Needles, my mother swears up and down, are because of a traumatic pneumonia-induced hospital stay when I was two. I don't remember this incident at all, so I have to take her word for it. But the fact remains that needles just plain suck. Often literally. I don't like the consciously-induced pain, I don't like the rape-evoking invasion, and I don't like the residual damage of having a small metal tube shoved through my skin and my muscles and my veins which are all trying to do their jobs without holes in them. This fear keeps me from getting an annual flu shot (I just wash my hands and hope for the best) and makes me dread tetanus vaccinations more than stepping on rusty nails. (Nail went straight through my shoe and well into my foot, and I was calm as a summer's morning. Doctor yanked it out, and I was cool as a cucumber. Someone asked "When was your last tetanus booster?" and I collapsed into a quivering RoseE-shaped Jell-O mold, slowly leaking pathetic tears.)

I do, however, give blood. I give it fairly regularly. I make sure everyone knows that I'm scared of needles when I go to donate, so I will get the appropriate amount of encouragement and pity. But it's the same thing as the ticks, really: the fears that I cannot face for my own sake I can bear for the sake of others. It could be that I'm a selfless wonderful person, or it could just be that I value saving face more than self-preservation.

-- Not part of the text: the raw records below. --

Lemma lipschitz_wrt_sum (T : Type) (r : seq T) (F : T -> R -> R) :
  (forall t, lipschitz_wrt (F t)) -> lipschitz_wrt (fun x => \sum_(t <- r) F t x).
Proof.
move=> FL; elim: r => [|a r IH].
  by under eq_fun do rewrite big_nil; exact: lipschitz_wrt_cst.
by under eq_fun do rewrite big_cons; exact: lipschitz_wrtD.
Qed.

Lemma lipschitz_wrt_prod (T : Type) (r : seq T) (F : T -> R -> R) :
  (forall t, lipschitz_wrt (F t)) -> lipschitz_wrt (fun x => \prod_(t <- r) F t x).
Proof.
move=> FL; elim: r => [|a r IH].
  by under eq_fun do rewrite big_nil; exact: lipschitz_wrt_cst.
by under eq_fun do rewrite big_cons; exact: lipschitz_wrtM.
Qed.

Lemma lipschitz_wrt_meval (p : mpoly.mpoly m R) :
  (forall i, {within `[0, 1], continuous f i}) ->
  lipschitz_wrt (fun x => mpoly.meval (fun i => f i x) p).
Proof.
move=> fc; under eq_fun do rewrite mpoly.mevalE.
apply: lipschitz_wrt_sum => mo; apply: lipschitz_wrtM; first exact: lipschitz_wrt_cst.
by apply: lipschitz_wrt_prod => i; apply: lipschitz_wrtX; exact: lipschitz_wrt_proj.
Qed.

Lemma lipschitz_wrt_div_bound P Q :
  lipschitz_wrt P -> lipschitz_wrt Q -> (forall x, x \in `[0, 1] -> Q x != 0) ->
  exists L : nat, forall x y, x \in `[0, 1] -> y \in `[0, 1] ->
    `|P x / Q x - P y / Q y| <= L%:R * \sum_i `|f i x - f i y|.
Proof.
move=> [cP [LP LP0 PL]] [cQ [LQ LQ0 QL]] Q0.
have cQn : {within `[0, 1], continuous (fun x => `|Q x|)}.
  by move=> x; apply: (continuous_comp (cQ x)); exact: norm_continuous.
have [xm xmI Qxm] := EVT_min ler01 cQn; set c := `|Q xm| in Qxm.
have c0 : 0 < c by rewrite normr_gt0 Q0.
have invQ x : x \in `[0, 1] -> `|(Q x)^-1| <= c^-1.
  by move=> xI; rewrite normfV lef_pV2 ?posrE ?normr_gt0 ?Q0 ?Qxm.
have [BP BP0 PB] := continuous_bounded cP.
pose K := LP * c^-1 + BP * LQ * (c^-1 * c^-1).
have K0 : 0 <= K by rewrite addr_ge0 // !mulr_ge0 // invr_ge0 ltW.
exists (Num.Def.archi_bound K) => x y xI yI.
set S := \sum_i _; have S0 : 0 <= S by rewrite sumr_ge0.
apply: le_trans (_ : K * S <= _); last by rewrite ler_wpM2r // ltW // archi_boundP.
have -> : P x / Q x - P y / Q y =
    (P x - P y) * (Q x)^-1 + P y * (Q y - Q x) * ((Q x)^-1 * (Q y)^-1).
  by field; rewrite !Q0.
have -> : K * S = LP * S * c^-1 + BP * (LQ * S) * (c^-1 * c^-1) by rewrite /K; ring.
apply: le_trans (ler_normD _ _) _.
rewrite !normrM lerD ?ler_pM ?mulr_ge0 ?invQ ?PL ?PB //.
by rewrite distrC QL.
Qed.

 So I'm afraid of lots of things. Most of these things I've learned to cope with in one way or another. One of my camp buddies once observed that she would sort me into Gryffindor, since most of my stories involve me being scared of something and dealing with it anyway. This observation made me feel warm and fuzzy, and so I tattooed it upon my heart. Metaphorically. Because tattoos involve needles.

But then there's storms.

The storm thing makes me mad. I love storms. I love the way they smell and the delicious way they drain away the day's heat and the mighty wildness of a world that may act sedate most of the time but will never truly be tame. But, this summer, there was an incident. And post-incident, I now jump out of my skin at the first rumble of thunder (or anything that sounds like a rumble of thunder, like someone moving furniture in another room or unexpected lawn mowers). Thunder is now the only thing in my life that makes me want to hide under my bed. And I hate that. I don't want to be that person . . . the girl who's scared of storms, like Kotah, my parents' deeply cowardly small auxiliary back-up dog. I don't want to be the girl who needs to be held until the weather clears . . . but at the same time I hate being alone under those gray, wild skies.

NO. Because I am ME, and I have dealt with spiders and ticks and slimy lake plants and blood donations and that episode of X-Files that Stephen King wrote. I can drive along the drop-offs of Yellowstone and eat food so spicy it makes my father's eyes water. I've been stung by bees, crushed by horses, and impaled by nails without batting an eye. I will not let this storm thing beat me. I will smack it in the face, and to blazes with what Prez would say.

I am afraid.

But don't think that's gonna stop me.




* That was an interesting weekly report to my mission president. "Dear Prez, before you read Sister Pak Sung Hee's letter, let me explain to you what really happened . . . but before I even do that, I must confess that yes, I smacked her across the face and knocked her off her feet and back into her desk chair. But she was lurking around the corner with her hair combed over her face! You know what long, straight Asian hair she has! It was the thing from The Ring (which I have not seen and now never will) and it was gonna eat me and I screamed and then I'd smacked her and it was already over and I felt really bad but she started it."